The Spanish ministry of fisheries told ICIJ it had fined Albacora but will not deny the company further aid.

Albacora director Jon Uria said the 67 infringements were an “isolated” incident. The company was unaware of the infractions, he said, until the U.S. government alerted executives. In his view, the fine was disproportionate to the offense.

A Radical Reform?

Javier Garat is the Spanish industry’s most visible and eloquent lobbyist. He was born into the family that cofounded Albacora. Garat is now a shareholder of the company, but he says that doesn’t influence his lobbying.

In his meetings with officials, he often requests subsidies for the sector. “That money has generated wealth,” he said. “It’s been used to modernize an obsolete fishing sector” so that today “we have better, more modern, more secure vessels.”

Garat heads Spain’s powerful lobbying group Cepesca as well as the Europe-wide industry group Europêche — both of which operate with EU subsidies. In the halls of the ministry of fisheries in Madrid, the word is that Garat will be appointed Spain’s next fishing secretary.

Following closed-door meetings at the ministry in April, Garat and Spanish Minister of Environment, Agriculture and Fisheries Rosa Aguilar announced that the ministry and Cepesca were devising a “common roadmap to defend Spanish interests” in the overhaul of the EU fishing policy.

After two years of deliberation, the European Commission presented its proposed legislation in July. No one but the Commissioner herself appears satisfied with the draft. But the negotiations have just begun.

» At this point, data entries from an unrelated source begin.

(* Let $A$ be a $d\times d$ integer matrix of determinant $\pm1$ with $\mathrm{spec}(A)=\{1\}$, and for $k>0$ let $F^{(k)}=P(\mathrm{im}(A^k-I))\subset\mathbb Z^d$. Then $F^{(k)}=F^{(1)}$ for all $k>0$. Consequently, if $\tau$ is a twisted skew product with group component $\mathbb Z^d$ and twisting matrix $A$, then for all $k>0$ the $k$-th iterate of the Fried quotient of $\tau$ equals the Fried quotient of $\tau^k$: $(\tau_{F^{(1)}})^k=(\tau^k)_{F^{(k)}}$.
   Context: A subgroup $\Gamma\subset\mathbb Z^d$ is pure if $\mathbb Z^d/\Gamma$ is torsion-free; the purification $P(X)$ of a subset $X$ is the smallest pure subgroup containing $X$. Twisted skew product: over a countable state Markov shift $(\Sigma,\sigma)$ (bi-infinite sequences allowed by a $\{0,1\}$ transition matrix on a countable state set, $\sigma$ the left shift), $\tau(s,n)=(\sigma s,An+h(s))$ on $\Sigma\times\mathbb Z^d$ with $h$ depending only on $(s_0,s_1)$; $\tau^k$ is a twisted skew product with twisting matrix $A^k$. For an $A$-invariant subgroup $\Gamma$, $\tau_\Gamma(s,n+\Gamma)=(\sigma s,An+h(s)+\Gamma)$. The Fried quotient of a twisted skew product with twisting $\Psi$ is $\tau_F$ with $F=P(\mathrm{im}(\Psi-\mathrm{id}))$. *)

From HB Require Import structures.
From mathcomp Require Import all_boot all_order all_algebra all_field.
Set Implicit Arguments. Unset Strict Implicit. Unset Printing Implicit Defensive.
Import Order.TTheory GRing.Theory Num.Theory.
Local Open Scope ring_scope.

(* Z^d is represented by integer column vectors 'cV[int]_d; matrices act on
   the left.  Subsets / subgroups of Z^d are Prop-valued predicates. *)
Definition Zd (d : nat) := 'cV[int]_d.

Definition is_subgroup d (G : Zd d -> Prop) : Prop :=
  G 0 /\ (forall x y, G x -> G y -> G (x - y)).

Definition pure d (G : Zd d -> Prop) : Prop :=
  is_subgroup G /\ (forall (m : int) (v : Zd d), m != 0 -> G (m *: v) -> G v).

Definition purification d (X : Zd d -> Prop) : Zd d -> Prop :=
  fun v => forall G, pure G -> (forall x, X x -> G x) -> G v.

Definition im_mx d (M : 'M[int]_d) : Zd d -> Prop :=
  fun v => exists w : Zd d, v = M *m w.

Definition Fk d (A : 'M[int]_d) (k : nat) : Zd d -> Prop :=
  purification (im_mx (A ^+ k - 1%:M)).

Definition markov (S : countType) (T : S -> S -> bool) (s : int -> S) : Prop :=
  forall i : int, T (s i) (s (i + 1)).

Definition shift (S : Type) (s : int -> S) : int -> S := fun i => s (i + 1).

Record tsp (S : Type) (d : nat) := TSP {
  base : (int -> S) -> (int -> S);
  twist : 'M[int]_d;
  cocycle : (int -> S) -> Zd d }.

Definition tsp_map S d (t : tsp S d) (x : (int -> S) * Zd d) : (int -> S) * Zd d :=
  (base t x.1, twist t *m x.2 + cocycle t x.1).

Definition twisted_sp S d (A : 'M[int]_d) (h : S -> S -> Zd d) : tsp S d :=
  TSP (@shift S) A (fun s => h (s 0) (s 1)).

Fixpoint tsp_pow S d (t : tsp S d) (k : nat) : tsp S d :=
  match k with
  | 0 => TSP id 1%:M (fun _ => 0)
  | k'.+1 => let u := tsp_pow t k' in
      TSP (fun s => base t (base u s)) (twist t *m twist u)
          (fun s => twist t *m cocycle u s + cocycle t (base u s))
  end.

Definition coset d (G : Zd d -> Prop) (n : Zd d) : Zd d -> Prop :=
  fun m => G (m - n).

Definition quot S d (t : tsp S d) (G : Zd d -> Prop)
    (x : (int -> S) * (Zd d -> Prop)) : (int -> S) * (Zd d -> Prop) :=
  (base t x.1, fun m => exists n, x.2 n /\ G (m - (twist t *m n + cocycle t x.1))).

Definition fried_group S d (t : tsp S d) : Zd d -> Prop :=
  purification (im_mx (twist t - 1%:M)).

Definition fried_quot S d (t : tsp S d) := quot t (fried_group t).

From HB Require Import structures.
From mathcomp Require Import all_boot all_order all_algebra all_field.
From Stdlib Require Import FunctionalExtensionality PropExtensionality.
Import Order.TTheory GRing.Theory Num.Theory.
Local Open Scope ring_scope.

(* Proof strategy.
   1. Unipotence: if every complex eigenvalue of A is 1, the characteristic
      polynomial of A is ('X - 1)^d, so by Cayley-Hamilton N := A - 1 is
      nilpotent, already over the integers.
   2. Geometric sums: with U_k := \sum_(i < k) A^i we have A^k - 1 = N U_k,
      and U_k = k + N W_k for a polynomial W_k in A.  Since N W_k is
      nilpotent and commutes with k, U_k divides k^e: U_k S = k^e.
   3. Purification: P(X) is the least pure subgroup containing X, so
      P(X) = P(Y) as soon as X lies in P(Y) and Y in P(X).  Now
      im(A^k - 1) lies in im(A - 1), and k^e im(A - 1) lies in im(A^k - 1),
      so, k^e being nonzero for k > 0, the two purifications agree.
   4. Dynamics: for a subgroup G invariant under the twisting matrix, the
      induced map sends cosets to cosets, hence its k-th iterate is the map
      induced by the k-th iterate of the skew product.  Applied with the
      Fried group, which is A-invariant and, by 3, the same for A and A^k,
      this gives (tau_F)^k = (tau^k)_{F^(k)}. *)

Section GeometricSums.
Context {R : pzRingType}.
Implicit Types (a c x : R).

Definition geom a (k : nat) : R := \sum_(i < k) a ^+ i.

Lemma geom_factor a k : a ^+ k - 1 = (a - 1) * geom a k.
Proof. exact: subrX1. Qed.

Lemma comm_geom a c k : GRing.comm c a -> GRing.comm c (geom a k).
Proof. by move=> ca; apply: commr_sum => i _; apply: commrX. Qed.

Lemma geom_sub_nat a k :
  geom a k - k%:R = (a - 1) * \sum_(i < k) geom a i.
Proof.
rewrite /geom -[k%:R]mulr1n -[k in 1 *+ k]card_ord -sumr_const -sumrB.
by rewrite mulr_sumr; apply: eq_bigr => i _; rewrite geom_factor.
Qed.

Lemma dvd_pow_add_nilpotent {c x e} :
  GRing.comm c x -> x ^+ e = 0 -> exists s, (c + x) * s = c ^+ e.
Proof.
move=> cx xe; exists (\sum_(i < e) c ^+ (e.-1 - i) * (- x) ^+ i).
rewrite -[x in c + x]opprK -subrXX_comm; last exact/commrN.
by rewrite exprNn xe mulr0 subr0.
Qed.

Lemma geom_dvd_nat a k e :
  (a - 1) ^+ e = 0 -> exists s, geom a k * s = (k ^ e)%:R.
Proof.
move=> nilN; set w := \sum_(i < k) geom a i.
have cNa : GRing.comm (a - 1) a by apply/commr_sym/commrB; [exact: commr_refl | exact: commr1].
have cNw : GRing.comm (a - 1) w by apply: commr_sum => i _; exact: comm_geom.
have nilNw : ((a - 1) * w) ^+ e = 0 by rewrite exprMn_comm // nilN mul0r.
have [s Hs] := dvd_pow_add_nilpotent (commr_sym (commr_nat _ k)) nilNw.
by exists s; rewrite -geom_sub_nat addrC subrK in Hs; rewrite Hs natrX.
Qed.

End GeometricSums.

Lemma map_intr_mx_eq0 m n (M : 'M[int]_(m, n)) :
  map_mx (intr : int -> algC) M = 0 -> M = 0.
Proof.
move/matrixP=> M0; apply/matrixP => i j.
by move: (M0 i j); rewrite !mxE; move/eqP; rewrite intr_eq0 => /eqP.
Qed.

Lemma unipotent_closed {F : closedFieldType} {n} (B : 'M[F]_n.+1) :
  (forall l, eigenvalue B l -> l = 1) -> exists e, (B - 1) ^+ e = 0.
Proof.
move=> spec1; have [r Dp] := closed_field_poly_normal (char_poly B).
rewrite (monicP (char_poly_monic B)) scale1r in Dp.
have r1 z : z \in r -> z = 1.
  by move=> zr; apply: spec1; rewrite eigenvalue_root_char Dp root_prod_XsubC.
exists (size r); have := Cayley_Hamilton B; rewrite Dp rmorph_prod /= => <-.
elim: r r1 {Dp} => [|z r IH] r1; first by rewrite big_nil expr0.
rewrite big_cons exprS IH => [|y yr]; last by apply: r1; rewrite inE yr orbT.
by rewrite rmorphB /= horner_mx_X horner_mx_C (r1 z) ?mem_head.
Qed.

Lemma unipotent_int {d} (A : 'M[int]_d) :
  (forall l : algC, eigenvalue (map_mx intr A) l -> l = 1) ->
  exists e, (A - 1) ^+ e = 0.
Proof.
case: d A => [|n] A spec1; first by exists 0%N; apply/matrixP => -[].
have [e He] := unipotent_closed (map_mx intr A) spec1.
by exists e; apply: map_intr_mx_eq0; rewrite rmorphXn rmorphB rmorph1.
Qed.

Section Purification.
Context {d : nat}.
Implicit Types (G X Y : Zd d -> Prop).

(* Subgroups are closed under addition: x + y = x - (0 - y). *)
Lemma subgroup_add {G x y} : is_subgroup G -> G x -> G y -> G (x + y).
Proof.
move=> [G0 GB] Gx Gy; have := GB x (0 - y) Gx (GB _ _ G0 Gy).
by rewrite sub0r opprK.
Qed.

Lemma purification_pure X : pure (purification X).
Proof.
split; first split.
- by move=> G [[G0 _] _] _.
- by move=> x y Px Py G pG XG; apply: pG.1.2; [apply: Px | apply: Py].
- by move=> m v m0 Pmv G pG XG; apply: (pG.2 m) => //; apply: Pmv.
Qed.

Lemma purification_ext X x : X x -> purification X x.
Proof. by move=> Xx G _; apply. Qed.

Lemma purification_eq X Y :
  (forall x, X x -> purification Y x) -> (forall y, Y y -> purification X y) ->
  forall v, purification X v <-> purification Y v.
Proof. by move=> XY YX v; split => Pv; apply: Pv => //; apply: purification_pure. Qed.

End Purification.

(* The purification of im(A - 1) is A-invariant, since A v = v + (A - 1) v. *)
Lemma purification_im_invariant {d} (A : 'M[int]_d) k v :
  purification (im_mx (A - 1%:M)) v ->
  purification (im_mx (A - 1%:M)) (A ^+ k *m v).
Proof.
move=> Pv; elim: k => [|k IH]; first by rewrite expr0 mul1mx.
rewrite exprS -mulmxE -mulmxA; set w := A ^+ k *m v.
have -> : A *m w = w + (A - 1%:M) *m w by rewrite mulmxBl mul1mx addrC subrK.
apply: (subgroup_add (purification_pure _).1 IH).
by apply: purification_ext; exists w.
Qed.

Lemma Fk_stable {d} (A : 'M[int]_d) e k :
  (A - 1) ^+ e = 0 -> (0 < k)%N -> forall v, Fk A k v <-> Fk A 1 v.
Proof.
move=> nilN k0; apply: purification_eq => _ [w ->].
- apply: purification_ext; exists (geom A k *m w).
  by rewrite mulmxA mulmxE -geom_factor.
- have [s Hs] := geom_dvd_nat A k e nilN; set c : int := (k ^ e)%:R.
  have c0 : c != 0 by rewrite pnatr_eq0 expn_eq0 negb_and -lt0n k0.
  apply: ((purification_pure _).2 c _ c0); apply: purification_ext.
  have key : (A ^+ k - 1%:M) *m s = c *: (A - 1%:M).
    by rewrite mulmxE geom_factor -mulrA Hs mulr_natr scaler_nat.
  by exists (s *m w); rewrite expr1 mulmxA key scalemxAl.
Qed.

Lemma twist_pow S d (t : tsp S d) k : twist (tsp_pow t k) = twist t ^+ k.
Proof. by elim: k => [|k IH] //=; rewrite IH exprS. Qed.

Section InducedMaps.
Context {S : Type} {d : nat} {G : Zd d -> Prop}.
Hypothesis G_sub : is_subgroup G.

Lemma quot_coset (t : tsp S d) s n :
  (forall v, G v -> G (twist t *m v)) ->
  quot t G (s, coset G n) = (base t s, coset G (twist t *m n + cocycle t s)).
Proof.
move=> inv; rewrite /quot /=; congr pair.
apply: functional_extensionality => m; apply: propositional_extensionality.
rewrite /coset; split => [[n' [Gn' Gm]] | Gm].
- have := subgroup_add G_sub Gm (inv _ Gn'); congr G.
  by rewrite mulmxBr !opprD !addrA (addrAC _ (- cocycle t s)) subrK addrAC.
- by exists n; split => //; rewrite subrr; exact: G_sub.1.
Qed.

Lemma iter_quot (t : tsp S d) k s n :
  (forall v, G v -> G (twist t *m v)) ->
  iter k (quot t G) (s, coset G n) = quot (tsp_pow t k) G (s, coset G n).
Proof.
move=> inv; have invX j v : G v -> G (twist (tsp_pow t j) *m v).
  rewrite twist_pow; elim: j v => [|j IH] v Gv; first by rewrite expr0 mul1mx.
  by rewrite exprS -mulmxE -mulmxA; apply: inv; apply: IH.
rewrite quot_coset; last exact: invX.
elim: k => [|k IH]; first by rewrite /= mul1mx addr0.
by rewrite iterS IH quot_coset //= mulmxDr mulmxA addrA.
Qed.

End InducedMaps.

Theorem mainTheorem12 (d : nat) (A : 'M[int]_d)
  (hdet : \det A = 1 \/ \det A = -1)
  (hspec : forall l : algC, eigenvalue (map_mx intr A) l <-> l = 1) :
  (forall k : nat, (0 < k)%N -> forall v : Zd d, Fk A k v <-> Fk A 1 v) /\
  (forall (S : countType) (T : S -> S -> bool) (h : S -> S -> Zd d) (k : nat),
     (0 < k)%N ->
     forall (s : int -> S), markov T s -> forall n : Zd d,
       iter k (fried_quot (twisted_sp A h))
              (s, coset (fried_group (twisted_sp A h)) n)
       = fried_quot (tsp_pow (twisted_sp A h) k)
              (s, coset (fried_group (tsp_pow (twisted_sp A h) k)) n)).
Proof.
have [e nilN] := unipotent_int A (fun l => (hspec l).1).
split=> [k k0 v | S T h k k0 s _ n]; first exact: Fk_stable nilN k0 v.
set t := twisted_sp A h.
rewrite /fried_quot; have -> : fried_group (tsp_pow t k) = fried_group t.
  apply: functional_extensionality => v; apply: propositional_extensionality.
  by rewrite /fried_group twist_pow; exact: Fk_stable nilN k0 v.
have invF v : fried_group t v -> fried_group t (twist t *m v).
  by move/(purification_im_invariant A 1 v); rewrite expr1.
exact: (iter_quot (purification_pure _).1 t k s n invF).
Qed.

Political alliances and lobbying will determine the final language to be voted upon before the law goes into effect January 1, 2013.

Garat called the reform draft “cowardly.” He said the Commission succumbed to pressure from environmentalists and biased media “without taking into consideration the repercussions on the fishing sector.” In his view, the state of the fish stocks is not as “catastrophic” as Commission officials appear to believe.

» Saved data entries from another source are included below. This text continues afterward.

Theorem proposition4p4 (n : nat) (Hn : (1 < n)%N) (B : crystal n) (b : B)
    (bmu bnu : spinor Hn) :
  dominant (wt b + wt bnu) ->
  dominant (wt b + wt bmu + wt bnu) ->
  forall s : seq nat, all (dnode n) s ->
  opseq (ce (spinor Hn)) s bnu <> None ->
  exists b' : B,
    opseq (cf B) s b = Some b' /\
    opseq (tens_f B (spinor Hn)) s (b, bmu) = Some (b', bmu).
Proof.
move=> + + s; elim: s b bnu => [|i s IH] b bnu D1 D2; first by exists b.
move=> /= /andP[hi hs]; rewrite !opseq_cons /=.
case e_nu: (spin_e i bnu) => [bnu'|] // hop.
have lt_eps_phi : (spin_eps i bmu < cphi B i b)%N.
  by apply: spin_eps_lt_cphi D1 D2 => //; rewrite e_nu.
have [b1 f_b] := crystal_cf_phi_gt0 hi (leq_ltn_trans (leq0n _) lt_eps_phi).
have wt_inv := wtD_cf_ce hi f_b (e_nu : ce (spinor Hn) i bnu = Some bnu').
rewrite f_b tens_f_left // f_b /=.
by apply: IH hs hop; rewrite ?wt_inv // addrAC wt_inv addrAC.
Qed.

Yet it seems the industry’s efforts have staved off its worst nightmares.

Nothing came of ambitions to make overfishing a crime, as happened in the U.S. under the Magnuson-Stevens Act, or to require quotas be consistent with what scientists say is biologically sustainable. There was no proposal on how to limit the oversized fishing fleet or to implement quotas in the fishing agreements with foreign countries.

EU’s top fisheries official Commissioner Maria Damanaki told ICIJ her proposal is “radical.” She said Brussels will stop directly subsidizing the industry. “Now we are going to give money in a very prudent way and under very strict conditions,” she said. “And we are going to ask for paybacks in the case of illegal fishing.”

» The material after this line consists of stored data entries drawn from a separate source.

Lemma line_eq_offset (x y : pt R) :
  line_offset y = line_offset x -> line_eq a b (a * x.1 + b * x.2) y.
Proof. by rewrite /line_offset /line_eq => /(congr1 (+%R^~ c)); rewrite !subrK. Qed.

Lemma reflect_in_lineK : involutive (reflect_in_line a b c).
Proof.
have hN := line_normal_neq0.
by case=> x1 x2; rewrite /reflect_in_line /=; congr (_, _); field.
Qed.

Lemma line_offset_reflect (x : pt R) :
  line_offset (reflect_in_line a b c x) = - line_offset x.
Proof.
have hN := line_normal_neq0.
by case: x => x1 x2; rewrite /reflect_in_line /line_offset /=; field.
Qed.

Lemma equidistant_line_points (P Q z z' : pt R) :
  line_eq a b c z -> line_eq a b c z' -> sqdist z P = sqdist z' Q ->
  (line_coord z - line_coord P) ^+ 2 + line_offset P ^+ 2 =
  (line_coord z' - line_coord Q) ^+ 2 + line_offset Q ^+ 2.
Proof. by move=> hz hz' e; rewrite -!sqdist_line // e. Qed.

End LineCoordinates.

Section EquidistantPairs.
Variables (R : realType) (a b c : R).
Hypothesis hab : a != 0 \/ b != 0.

Damanaki also highlighted proposed changes in the fishing partnership agreements. “We are going to call them sustainable fisheries agreements because we’re going to fish only for the surplus — if there is any surplus,” she said. “Also, we’re going to respect human rights in these areas.”

Given the hype, Green party MEP Lövin said, “I had expected a clause on human rights.” But the human rights clause originally in the legislative text was missing from the final proposal.

Lövin ran for office on a ticket pledging to change the fishing policy. She said the proposal is a lot less radical than she had hoped — especially as the coming negotiations will water it down even more. “The law can´t allow for politicians to compromise with the environment when long-term environmental goals clash with short-term profit,” she said.

Ernesto Penas Lado, director of the European Commission’s fisheries policy unit, said the mindset in Spain and among fishing nations globally is that no single country feels responsible for the fate of the fish in the sea.

“It’s the tragedy of the commons,” he said. “Because the resources belong to no one, they belong to everyone.” In the EU, 27 countries have to come to a consensus on a common fishing policy. There’s no mentality of making a sacrifice for preservation, Penas said. “People think: Whatever I do not fish, my neighbor will.”

David Cabo (Spain), Fredrik Laurin (Sweden) and Brigitte Alfter (Denmark) contributed to this story.